This trend isn’t a new one. A year ago, on March 26, 2008, Steven Greenhouse, a reporter for the New York Times wrote “Millions of Jobs of a Different Collar,” an article discussing the wave of “green collar jobs” and how while some are skeptical, some presidential candidates were promising an increase. The concerns then were that the jobs will not have the “staying power” to push through the economic struggles and that green jobs might not pay as much as the jobs they are replacing making them undesirable.

“There have been far more articles pointing to the idea that green jobs are if not as evenly distributed between high and low paying jobs, they are equal or even more high paying jobs,” Pool said. “These jobs are generally more stable and more secure just as high paying as jobs available with a normal average non-green job.”

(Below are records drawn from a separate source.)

Lemma symdiffxx A : symdiff A A = set0.
Proof. by apply/setP => i; rewrite !inE eqxx. Qed.

Lemma symdiff_eq0 A B : (symdiff A B == set0) = (A == B).
Proof.
apply/eqP/eqP => [AB0 | ->]; last exact: symdiffxx.
by apply/setP => i; move/setP/(_ i): AB0; rewrite !inE => /negbFE/eqP.
Qed.

Lemma sum_symdiff (G : {set T} -> nat) :
  (\sum_A \sum_B G (symdiff A B) = #|{set T}| * \sum_D G D)%N.
Proof.
rewrite -sum_nat_const; apply: eq_bigr => A _.
by rewrite [RHS](reindex_inj (inv_inj (symdiffK A))).
Qed.

End SymmetricDifference.

Section Hamming.
Variable F : finFieldType.

Lemma hamming_sum n (u v : 'rV[F]_n) :
  hamming u v = (\sum_i (u ord0 i != v ord0 i : nat))%N.
Proof.
rewrite /hamming -sum1_card big_mkcond /=; apply: eq_bigr => i _.
by rewrite inE; case: (_ != _).
Qed.

Lemma hammingxx n (u : 'rV[F]_n) : hamming u u = 0%N.
Proof. by rewrite hamming_sum big1 // => i _; rewrite eqxx. Qed.

Lemma hamming_gt0 n (u v : 'rV[F]_n) : u != v -> (0 < hamming u v)%N.
Proof.
move=> neq_uv; apply/card_gt0P.
have [i /= neq_i | all_eq] := pickP [pred i | u ord0 i != v ord0 i]; first by exists i.
by case/eqP: neq_uv; apply/rowP => i; apply/eqP/negbFE; exact: all_eq.
Qed.

Lemma hamming_row_mx m n (u1 u2 : 'rV[F]_m) (v1 v2 : 'rV[F]_n) :
  hamming (row_mx u1 v1) (row_mx u2 v2) = (hamming u1 u2 + hamming v1 v2)%N.
Proof.
by rewrite !hamming_sum big_split_ord; congr (_ + _)%N; apply: eq_bigr => i _;
  rewrite ?row_mxEl ?row_mxEr.
Qed.

Fixpoint repeat_row k (j : nat) (v : 'rV[F]_k) : 'rV[F]_(j * k) :=
  if j is j'.+1 then row_mx v (repeat_row j' v) else 0.

Lemma hamming_repeat_row k j (u v : 'rV[F]_k) :
  hamming (repeat_row j u) (repeat_row j v) = (j * hamming u v)%N.
Proof. by elim: j => [|j IHj] /=; rewrite ?hammingxx // hamming_row_mx IHj mulSn. Qed.

Definition indicator k (A : {set 'I_k}) : 'rV[F]_k := \row_i (if i \in A then 1 else 0)%R.

Lemma supp_indicator k (A : {set 'I_k}) : supp (indicator A) = A.
Proof. by apply/setP => i; rewrite inE mxE; case: (i \in A); rewrite ?oner_eq0 ?eqxx. Qed.

Lemma hamming_indicator k (A B : {set 'I_k}) :
  hamming (indicator A) (indicator B) = #|symdiff A B|.
Proof.
apply: eq_card => i; rewrite !inE !mxE.
by case: (i \in A); case: (i \in B); rewrite ?eqxx //= ?oner_neq0 // eq_sym oner_neq0.
Qed.

End Hamming.

Section SupportEncoding.
Variables (F : finFieldType) (k t : nat).

Definition has_code (M d n : nat) : Prop :=
  exists C : {set 'rV[F]_n}, #|C| = M /\
    forall x y, x \in C -> y \in C -> x != y -> (d <= hamming x y)%N.

Definition has_support_encoding (r : nat) : Prop :=
  exists p : 'rV[F]_k -> 'rV[F]_r, is_encoding t (@supp F k) p.

Lemma has_code_repetition : (0 < t)%N -> has_code (2 ^ k) (2 * t) (2 * t * k).
Proof.
move=> t_gt0; pose rep (A : {set 'I_k}) := repeat_row (2 * t) (indicator F A).
have rep_dist A B : A != B -> (2 * t <= hamming (rep A) (rep B))%N.
  rewrite -symdiff_eq0 -card_gt0 => AB_gt0.
  by rewrite hamming_repeat_row hamming_indicator -{1}[(2 * t)%N]muln1 leq_mul2l AB_gt0 orbT.
have rep_inj : injective rep.
  move=> A B eq_rep; apply: contraTeq isT => /rep_dist.
  by rewrite eq_rep hammingxx leqn0 muln_eq0 /= eqn0Ngt t_gt0.
exists [set rep A | A : {set 'I_k}]; split; first by rewrite card_imset // card_set_ord.
move=> _ _ /imsetP[A _ ->] /imsetP[B _ ->] neq_rep; apply: rep_dist.
by apply: contraNneq neq_rep => ->.
Qed.

Lemma support_encoding_of_code n :
  has_code (2 ^ k) (2 * t) n -> has_support_encoding n.
Proof.
move=> [C [card_C dist_C]].
have card_eq : #|{set 'I_k}| = #|C| by rewrite card_C card_set_ord.
pose g (A : {set 'I_k}) : 'rV[F]_n := enum_val (cast_ord card_eq (enum_rank A)).
have g_inj : injective g.
  by move=> A B /enum_val_inj /cast_ord_inj /enum_rank_inj.
exists (fun u => g (supp u)) => u v neq_supp.
have neq_uv : u != v by apply: contraNneq neq_supp => ->.
rewrite /sys_enc hamming_row_mx addnC leq_add ?hamming_gt0 //.
by apply: dist_C; rewrite ?enum_valP // (inj_eq g_inj).
Qed.

Lemma has_support_encoding_r_S : (0 < t)%N -> has_support_encoding (r_S F k t).
Proof.
move=> /has_code_repetition /(@minnat_spec (has_code _ _)) [/support_encoding_of_code enc _].
exact: (minnat_spec enc).1.
Qed.

Lemma r_S_le_N_q : (0 < t)%N -> (r_S F k t <= N_q F (2 ^ k) (2 * t))%N.
Proof.
move=> /has_code_repetition /(@minnat_spec (has_code _ _)) [/support_encoding_of_code enc _].
exact: (minnat_spec enc).2.
Qed.

End SupportEncoding.

Lemma plotkin_sum_hamming (F : finFieldType) (T : finType) r (f : T -> 'rV[F]_r) :
  (#|F| * \sum_A \sum_B hamming (f A) (f B)
    <= r * (#|T| * #|T| * (#|F| - 1) - (#|T| %% #|F|) * (#|F| - #|T| %% #|F|)))%N.
Proof.
set q := #|F|; set M := #|T|; set a := (M %% q)%N.
have q_gt0 : (0 < q)%N by apply/card_gt0P; exists 0%R.
have by_column : (\sum_A \sum_B hamming (f A) (f B)
                  = \sum_(j < r) \sum_A \sum_B (f A ord0 j != f B ord0 j : nat))%N.
  rewrite [RHS]exchange_big; apply: eq_bigr => A _.
  by rewrite [RHS]exchange_big; apply: eq_bigr => B _; rewrite hamming_sum.
rewrite by_column big_distrr /= -[r in (_ <= r * _)%N]card_ord -sum_nat_const.
apply: leq_sum => j _; have := plotkin_column_bound (fun A => f A ord0 j) q_gt0.
rewrite -/q -/M -/a [(M * M * _)%N]mulnBr muln1 [(M * M * q)%N]mulnC.
move: (\sum_A _)%N (M * M)%N (a * (q - a))%N => X M2 Y.
move: (q * X)%N (q * M2)%N => qX qM2; lia.
Qed.

Section LowerBound.
Variables (F : finFieldType) (k t : nat).
Local Notation q := #|F|.
Local Notation a := (2 ^ k %% q)%N.

(* What remains of the distance 2t+1 after the s systematic positions in which
   two indicator vectors with supports at symmetric difference s differ. *)
Definition forced_dist (s : nat) : nat := if s == 0%N then 0%N else (2 * t + 1 - s)%N.

Lemma forced_dist_indicator r (p : 'rV[F]_k -> 'rV[F]_r) A B :
  is_encoding t (@supp F k) p ->
  (forced_dist #|symdiff A B| <= hamming (p (indicator F A)) (p (indicator F B)))%N.
Proof.
move=> enc; rewrite /forced_dist cards_eq0 symdiff_eq0.
have [// | neqAB] := eqVneq A B.
have := enc (indicator F A) (indicator F B).
rewrite !supp_indicator neqAB /sys_enc hamming_row_mx hamming_indicator => /(_ isT).
lia.
Qed.

Lemma sum_forced_dist :
  (\sum_(1 <= s < (minn k (2 * t)).+1) ((2 * t + 1 - s) * 'C(k, s))
    <= \sum_(D : {set 'I_k}) forced_dist #|D|)%N.
Proof.
set m := minn k (2 * t).
have -> : (\sum_(1 <= s < m.+1) ((2 * t + 1 - s) * 'C(k, s))
           = \sum_(1 <= s < m.+1) 'C(k, s) * forced_dist s)%N.
  by apply: eq_big_nat => s /andP[s_gt0 _]; rewrite /forced_dist eqn0Ngt s_gt0 mulnC.
rewrite sum_set_by_card -(big_mkord xpredT (fun s => 'C(k, s) * forced_dist s)%N).
rewrite [X in (_ <= X)%N]big_ltn // [X in (_ <= _ + X)%N](big_cat_nat (n := m.+1)) //=.
by rewrite addnCA leq_addr.
by rewrite ltnS geq_minl.
Qed.

Lemma encoding_redundancy_lb r (p : 'rV[F]_k -> 'rV[F]_r) :
  is_encoding t (@supp F k) p ->
  (q * (2 ^ k * \sum_(1 <= s < (minn k (2 * t)).+1) ((2 * t + 1 - s) * 'C(k, s)))
    <= r * (4 ^ k * (q - 1) - a * (q - a)))%N.
Proof.
move=> enc; have := plotkin_sum_hamming (fun A => p (indicator F A)).
rewrite card_set_ord (_ : 2 ^ k * 2 ^ k = 4 ^ k)%N; last by rewrite -expnMn.
move=> le_H; apply: leq_trans le_H; rewrite leq_mul2l; apply/orP; right.
apply: (@leq_trans (\sum_(A : {set 'I_k}) \sum_B forced_dist #|symdiff A B|)).
  by rewrite (sum_symdiff (fun D => forced_dist #|D|)) card_set_ord leq_mul2l sum_forced_dist orbT.
by apply: leq_sum => A _; apply: leq_sum => B _; apply: forced_dist_indicator.
Qed.

End LowerBound.

Lemma leq_modn_compl M q : ((M %% q) * (q - M %% q) <= M * (q - 1))%N.
Proof.
have [-> | a_gt0] := posnP (M %% q); first by rewrite mul0n.
by rewrite leq_mul ?leq_mod // leq_sub2l.
Qed.

Lemma ler_ratio_nat (R : realFieldType) (n d s r : nat) :
  (n * s <= r * d)%N -> (n%:R / d%:R * s%:R <= r%:R :> R)%R.
Proof.
have [-> _ | d_gt0 le_nsrd] := posnP d; first by rewrite invr0 mulr0 mul0r ler0n.
by rewrite mulrAC ler_pdivrMr ?ltr0n // -!natrM ler_nat.
Qed.

Theorem corollary7 (F : finFieldType) (k t : nat) (hk : (0 < k)%N) (ht : (0 < t)%N) :
  let q := #|F| in
  let a := (2 ^ k %% q)%N in
  ((((2 ^ k * q)%N)%:R / (((4 ^ k * (q - 1))%N)%:R - ((a * (q - a))%N)%:R)) *
     (\sum_(1 <= s < (minn k (2 * t)).+1) ((2 * t + 1 - s) * 'C(k, s))%N)%:R
   <= (r_S F k t)%:R :> rat)%R
  /\ (r_S F k t <= N_q F (2 ^ k) (2 * t))%N.
Proof.
move=> q a; split; last exact: r_S_le_N_q.
have [p enc] := has_support_encoding_r_S F k ht.
have le_a : (a * (q - a) <= 4 ^ k * (q - 1))%N.
  by apply: leq_trans (leq_modn_compl _ _) _; rewrite leq_mul2r leq_exp2r ?orbT.
rewrite -natrB //; apply: ler_ratio_nat.
by rewrite mulnAC mulnC; apply: encoding_redundancy_lb enc.
Qed.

Some skeptics have noted necessary training for “green” jobs as a downside for those seeking employment but opportunities range from entry-level green jobs working with energy efficiency, construction and renovation jobs, landscape architects, landscape designers, grounds and greenhouse maintenance workers, contractors, managers, gardening, plant studies, lawn care, and many others.

Some of the attention to green jobs can be attributed to the slump in the job market and a hike in unemployment rates. According to the Bureau of Labor Statistics web site, “Forty-nine states and the District of Columbia recorded over-the-month unemployment rate increases, while all 50 states and the District of Columbia had higher rates than a year earlier.”

The founder of Green for All, an organization that advocates for job creation and training in a green economy, Van Jones was appointed as a special advisor for green jobs within the White House's Council on Environmental Quality in the Obama Administration in March.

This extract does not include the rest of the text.